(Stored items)
(* Let $(R,[\cdot_\lambda\cdot],\alpha,\beta)$ be a finitely generated BiHom-Lie conformal superalgebra, let $k,l,s,t\ge0$ be integers, and let $f\in\mathrm{QC}_{\alpha^k\beta^l}(R)$ and $g\in\mathrm{QC}_{\alpha^s\beta^t}(R)$ be homogeneous. Then $[f_\lambda g]$, given by $[f_\lambda g]_\theta=f_\lambda g_{\theta-\lambda}-(-1)^{|f||g|}g_{\theta-\lambda}f_\lambda$, is an $\alpha^{k+s}\beta^{l+t}$-generalized derivation of degree $|f|+|g|$ (coefficientwise in $\lambda$).
   Context: All spaces are over $\mathbb{C}$. For a $\mathbb{C}[\partial]$-module $V$, $V[\lambda]=\mathbb{C}[\lambda]\otimes V$. $|a|$ denotes the parity of a homogeneous element. Substitution $\lambda\mapsto-\lambda-\partial$ means: expand in powers of $\lambda$ and replace $\lambda$ by $-\lambda-\partial$, $\partial$ acting on the coefficients. A BiHom-Lie conformal superalgebra $(R,[\cdot_\lambda\cdot],\alpha,\beta)$ is a $\mathbb{Z}_2$-graded $\mathbb{C}[\partial]$-module $R$ with two commuting linear maps $\alpha,\beta$ and a $\mathbb{C}$-linear map $R\otimes R\to R[\lambda]$, $a\otimes b\mapsto[a_\lambda b]$, with $[R_{i\,\lambda}R_j]\subseteq R_{i+j}[\lambda]$, such that for all homogeneous $a,b,c$: (1) $\alpha\partial=\partial\alpha$, $\beta\partial=\partial\beta$; (2) $\alpha([a_\lambda b])=[\alpha(a)_\lambda\alpha(b)]$, $\beta([a_\lambda b])=[\beta(a)_\lambda\beta(b)]$; (3) $[(\partial a)_\lambda b]=-\lambda[a_\lambda b]$, $[a_\lambda(\partial b)]=(\partial+\lambda)[a_\lambda b]$; (4) $[\beta(a)_\lambda\alpha(b)]=-(-1)^{|a||b|}[\beta(b)_{-\lambda-\partial}\alpha(a)]$; (5) $[\alpha\beta(a)_\lambda[b_\mu c]]=[[\beta(a)_\lambda b]_{\lambda+\mu}\beta(c)]+(-1)^{|a||b|}[\beta(b)_\mu[\alpha(a)_\lambda c]]$. $gc(R)$ is the $\mathbb{Z}_2$-graded space of conformal linear maps $f$ (families $f_\lambda:R\to R[\lambda]$ with $f_\lambda\partial=(\partial+\lambda)f_\lambda$, $f_\lambda(R_\theta)\subseteq R_{\theta+|f|}[\lambda]$), and $\Omega=\{f\in gc(R): f_\lambda\alpha=\alpha f_\lambda,\ f_\lambda\beta=\beta f_\lambda\}$. For integers $k,l\ge0$, a homogeneous $f\in\Omega$ is an $\alpha^k\beta^l$-quasicentroid if $[f_\lambda(a)_{\lambda+\mu}\alpha^k\beta^l(b)]=(-1)^{|f||a|}[\alpha^k\beta^l(a)_\mu f_\lambda(b)]$ for all homogeneous $a,b\in R$; $\mathrm{QC}_{\alpha^k\beta^l}(R)$ is their span. A homogeneous $h\in\Omega$ is an $\alpha^k\beta^l$-generalized derivation if there exist $h',h''\in\Omega$ with $|h'|=|h''|=|h|$ and $[h_\lambda(a)_{\lambda+\mu}\alpha^k\beta^l(b)]+(-1)^{|h||a|}[\alpha^k\beta^l(a)_\mu h'_\lambda(b)]=h''_\lambda([a_\mu b])$ for all homogeneous $a,b\in R$. *)

From HB Require Import structures.
From mathcomp Require Import all_boot all_algebra.
From mathcomp Require Import reals complex.
Set Implicit Arguments. Unset Strict Implicit. Unset Printing Implicit Defensive.
Import GRing.Theory.
Local Open Scope ring_scope.
Lemma frame_comb_dot_T a b c : dot (frame_comb a b c T N B) T = a.
Proof.
  destruct HF as (HTT & _ & _ & HTN & HTB & _).
  rewrite dot_frame_comb, (dot_comm N), (dot_comm B), HTT, HTN, HTB; ring.
Qed.

Lemma frame_comb_dot_N a b c : dot (frame_comb a b c T N B) N = b.
Proof.
  destruct HF as (_ & HNN & _ & HTN & _ & HNB & _).
  rewrite dot_frame_comb, (dot_comm B), HNN, HTN, HNB; ring.
Qed.

Lemma frame_comb_dot_B a b c : dot (frame_comb a b c T N B) B = c.
Proof.
  destruct HF as (_ & _ & HBB & _ & HTB & HNB & _).
  rewrite dot_frame_comb, HBB, HTB, HNB; ring.
Qed.

Lemma frame_comb_norm2 a b c :
  dot (frame_comb a b c T N B) (frame_comb a b c T N B) = a ^ 2 + b ^ 2 + c ^ 2.
Proof.
  rewrite dot_frame_comb, (dot_comm T), (dot_comm N), (dot_comm B).
  rewrite frame_comb_dot_T, frame_comb_dot_N, frame_comb_dot_B; ring.
Qed.

Lemma cross_N_B : cross N B = T.
Proof.
  destruct HF as (_ & HNN & _ & HTN & _ & _ & ->).
  rewrite cross_crossr, HNN, (dot_comm N T), HTN.
  apply vec_eq; simpl; ring.
Qed.

Lemma cross_B_T : cross B T = N.
Proof.
  destruct HF as (HTT & _ & _ & HTN & _ & _ & ->).
  rewrite cross_crossl, HTT, (dot_comm N T), HTN.
  apply vec_eq; simpl; ring.
Qed.

Lemma cross_frame_comb a b c a' b' c' :
  cross (frame_comb a b c T N B) (frame_comb a' b' c' T N B) =
  frame_comb (b * c' - c * b') (c * a' - a * c') (a * b' - b * a') T N B.
Proof.
  transitivity (frame_comb (b * c' - c * b') (c * a' - a * c') (a * b' - b * a')
                  (cross N B) (cross B T) (cross T N)).
  - apply vec_eq; unfold frame_comb, cross; simpl; ring.
  - destruct HF as (_ & _ & _ & _ & _ & _ & HB).
    now rewrite cross_N_B, cross_B_T, HB.
Qed.

Lemma cross_N_frame_comb a b c :
  cross N (frame_comb a b c T N B) = frame_comb c 0 (- a) T N B.
Proof.
  replace N with (frame_comb 0 1 0 T N B) at 1 by (apply vec_eq; unfold frame_comb; simpl; ring).
  rewrite cross_frame_comb; f_equal; ring.
Qed.

Lemma cross_frame_comb_B a b c :
  cross (frame_comb a b c T N B) B = frame_comb b (- a) 0 T N B.
Proof.
  replace B with (frame_comb 0 0 1 T N B) at 2 by (apply vec_eq; unfold frame_comb; simpl; ring).
  rewrite cross_frame_comb; f_equal; ring.
Qed.

End OrthonormalFrame.

Lemma locally_open_interval (I P : R -> Prop) s :
  is_open_interval I -> I s -> (forall r, I r -> P r) -> locally s P.
Proof.
  intros (_ & _ & Hopen) Hs HP.
  destruct (Hopen s Hs) as (e & He & Hball).
  exists (mkposreal e He); intros r Hr; exact (HP r (Hball r Hr)).
Qed.

Lemma is_derive_unique_val (f : R -> R) s l l' : is_derive f s l -> is_derive f s l' -> l = l'.
Proof. intros H H'; apply is_derive_unique in H, H'; congruence. Qed.

Lemma is_derive_loc_zero (f : R -> R) s l :
  locally s (fun r => f r = 0) -> is_derive f s l -> l = 0.
Proof.
  intros Hf Hl.
  assert (H0 : is_derive f s 0).
  { apply is_derive_ext_loc with (fun _ => 0); [|apply (is_derive_const 0)].
    apply filter_imp with (2 := Hf); intros r Hr; now rewrite Hr. }
  exact (is_derive_unique_val _ _ _ _ Hl H0).
Qed.

Lemma is_derive_v_unique F s V W : is_derive_v F s V -> is_derive_v F s W -> V = W.
Proof.
  intros (H1 & H2 & H3) (K1 & K2 & K3).
  apply vec_eq; eapply is_derive_unique_val; eassumption.
Qed.

Lemma is_derive_v_ext_loc F G s V :
  locally s (fun r => F r = G r) -> is_derive_v F s V -> is_derive_v G s V.
Proof.
  intros HFG (H1 & H2 & H3).
  split; [|split]; (eapply is_derive_ext_loc; [|eassumption]);
    apply filter_imp with (2 := HFG); intros r Hr; now rewrite Hr.
Qed.

Lemma is_derive_v_comp F g s V dg :
  is_derive_v F (g s) V -> is_derive g s dg -> is_derive_v (fun r => F (g r)) s (vscal dg V).
Proof.
  intros (H1 & H2 & H3) Hg.
  split; [|split]; simpl;
    [exact (is_derive_comp _ _ _ _ _ H1 Hg) | exact (is_derive_comp _ _ _ _ _ H2 Hg)
    | exact (is_derive_comp _ _ _ _ _ H3 Hg)].
Qed.

Lemma is_derive_dot F G s F' G' :
  is_derive_v F s F' -> is_derive_v G s G' ->
  is_derive (fun r => dot (F r) (G r)) s (dot F' (G s) + dot (F s) G').
Proof.
  intros (F1 & F2 & F3) (G1 & G2 & G3).
  pose proof (is_derive_plus _ _ _ _ _
    (is_derive_plus _ _ _ _ _ (is_derive_mult _ _ _ _ _ F1 G1 Rmult_comm)
                              (is_derive_mult _ _ _ _ _ F2 G2 Rmult_comm))
    (is_derive_mult _ _ _ _ _ F3 G3 Rmult_comm)) as H.
  unfold plus, mult in H; simpl in H.
  replace (dot F' (G s) + dot (F s) G') with
    (v1 F' * v1 (G s) + v1 (F s) * v1 G' + (v2 F' * v2 (G s) + v2 (F s) * v2 G')
     + (v3 F' * v3 (G s) + v3 (F s) * v3 G')) by (unfold dot; ring).
  exact H.
Qed.

Section FrenetFrame.

Context {D : R -> Prop} {c T N B : R -> vec} {k t : R -> R}.
Hypothesis Hf : frenet D c T N B k t.

Lemma frenet_tangent_derive s : D s -> is_derive_v c s (T s).
Proof. intros Ds; apply (Hf s Ds). Qed.

Lemma frenet_T_derive s : D s -> is_derive_v T s (vscal (k s) (N s)).
Proof. intros Ds; apply (Hf s Ds). Qed.

Lemma frenet_N_derive s : D s -> is_derive_v N s (vadd (vscal (- k s) (T s)) (vscal (t s) (B s))).
Proof. intros Ds; apply (Hf s Ds). Qed.

Lemma frenet_B_derive s : D s -> is_derive_v B s (vscal (- t s) (N s)).
Proof. intros Ds; apply (Hf s Ds). Qed.
(* Real cube root of a nonnegative real (0 at 0); only used on [0, +oo). *)
Definition cbrt_nonneg (x : R) : R :=
  if Rle_dec x 0 then 0 else Rpower x (1/3).

Definition arccosh (x : R) : R := ln (x + sqrt (x ^ 2 - 1)).

(* Total Riemann integral: the Riemann integral when it exists, 0 otherwise. *)
Definition Rint (f : R -> R) (a b : R) : R :=
  match excluded_middle_informative
          (exists v, exists pr : Riemann_integrable f a b, RiemannInt pr = v) with
  | left H => proj1_sig (constructive_indefinite_description _ H)
  | right _ => 0
  end.

(* Total derivative: the derivative when it exists, 0 otherwise. *)
Definition Deriv (f : R -> R) (x : R) : R :=
  match excluded_middle_informative (exists l, derivable_pt_lim f x l) with
  | left H => proj1_sig (constructive_indefinite_description _ H)
  | right _ => 0
  end.

Fixpoint Dn (k : nat) (f : R -> R) : R -> R :=
  match k with
  | O => f
  | S k' => Deriv (Dn k' f)
  end.

Definition f0 (s : R) : R := 3/2 * Rpower s (2/3).

(* f_t(s) = 2^(-1/3) |t|^(2/3) int_0^{arccosh(s/|t|)} (sinh 2tau - 2tau)^(1/3) dtau,
   meaningful for 0 < |t| < 1 and s >= |t|. *)
Definition ft (t : R * R) (s : R) : R :=
  Rpower 2 (-(1/3)) * Rpower (Cmod t) (2/3) *
  Rint (fun tau => cbrt_nonneg (sinh (2 * tau) - 2 * tau)) 0 (arccosh (s / Cmod t)).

:: WHAT IS EXPECTED ::
What do the lines above say from the one containing "Definition f0 (s" down to the one containing "Rpower 2 (-(1/3)) * Rpower (Cmod t) (2/3) *"? Return them exactly, both end lines included, and only them.

:: ANSWER TO THIS PROBLEM ::
Definition f0 (s : R) : R := 3/2 * Rpower s (2/3).

(* f_t(s) = 2^(-1/3) |t|^(2/3) int_0^{arccosh(s/|t|)} (sinh 2tau - 2tau)^(1/3) dtau,
   meaningful for 0 < |t| < 1 and s >= |t|. *)
Definition ft (t : R * R) (s : R) : R :=
  Rpower 2 (-(1/3)) * Rpower (Cmod t) (2/3) *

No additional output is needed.